(* Consider a Fragile multi-CPR Game $G^{(2)}$ with $n\ge1$ players and $m\ge1$ CPRs satisfying the Assumption below, with constraint policies $\vartheta_i$ as defined below, and assume $m\le n$. Let $\mathcal{N}(G^{(2)})\subset\mathcal{C}_n\subset\mathbb{R}^{nm}$ be the set of all Generalized Nash equilibria of $G^{(2)}$. Then the $(n\cdot m)$-dimensional Lebesgue measure of $\mathcal{N}(G^{(2)})$ is zero.
   Context: Let $[k]=\{1,\dots,k\}$. Let $C_m=\{(x_1,\dots,x_m)\in[0,1]^m:\sum_{j}x_j\le1\}$, $\mathcal{C}_n=\prod_{i\in[n]}C_m$, $\mathcal{C}_{-i}=\prod_{[n]\setminus\{i\}}C_m$. A strategy profile is $\mathbf{x}=(\mathbf{x}_1,\dots,\mathbf{x}_n)\in\mathcal{C}_n$, $\mathbf{x}_i=(x_{i1},\dots,x_{im})$; write $\mathbf{x}=(\mathbf{x}_i,\mathbf{x}_{-i})$. Put $\mathbf{x}_T^{(j)}=\sum_{i}x_{ij}$, $\mathbf{x}_T^{j|i}=\sum_{\ell\ne i}x_{\ell j}$. Each CPR $j$ has a return rate $\mathcal{R}_j(t)>1$ and failure probability $p_j(t)\in[0,1]$; each player $i$ has parameters $a_i,k_i$. Effective rate: $\mathcal{F}_{ij}(t)=(\mathcal{R}_j(t)-1)^{a_i}(1-p_j(t))-k_ip_j(t)$; utility: $\mathcal{V}_i(\mathbf{x}_i;\mathbf{x}_{-i})=\sum_j x_{ij}^{a_i}\mathcal{F}_{ij}(\mathbf{x}_T^{(j)})$. Assumption: (1) $p_j(0)=0$, $p_j(t)=1$ for $t\ge1$; (2) $a_i\in(0,1]$, $k_i>0$; (3) each $\mathcal{F}_{ij}$ (continuous on $[0,1]$) has strictly negative first and second derivatives on $(0,1)$. Let $\omega_{ij}\in(0,1)$ be the unique zero of $\mathcal{F}_{ij}$ in $(0,1)$. Active CPRs: $A(\mathbf{x}_{-i})=\{j:\mathbf{x}_T^{j|i}<\omega_{ij}\}$. Constraint policy: $\vartheta_i(\mathbf{x}_{-i})=C_m\cap\big(\prod_{j\in A(\mathbf{x}_{-i})}[0,\omega_{ij}-\mathbf{x}_T^{j|i}]\times\prod_{j\notin A(\mathbf{x}_{-i})}\{0\}\big)$. A Generalized Nash equilibrium is $\mathbf{x}^*\in\mathcal{C}_n$ with, for all $i$, $\mathbf{x}^*_i\in\vartheta_i(\mathbf{x}^*_{-i})$ and $\mathcal{V}_i(\mathbf{x}^*_i;\mathbf{x}^*_{-i})\ge\mathcal{V}_i(\mathbf{y};\mathbf{x}^*_{-i})$ for all $\mathbf{y}\in\vartheta_i(\mathbf{x}^*_{-i})$. *)

From HB Require Import structures.
From mathcomp Require Import all_boot all_order all_algebra.
From mathcomp Require Import all_classical all_reals all_analysis.
Set Implicit Arguments. Unset Strict Implicit. Unset Printing Implicit Defensive.
Import Order.TTheory GRing.Theory Num.Theory numFieldNormedType.Exports.
Local Open Scope classical_set_scope.
Local Open Scope ring_scope.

**WHAT IS NEEDED**
Using the material above, state how many lines carry the word "Import", giving the number alone.

**TASK OUTPUT**
4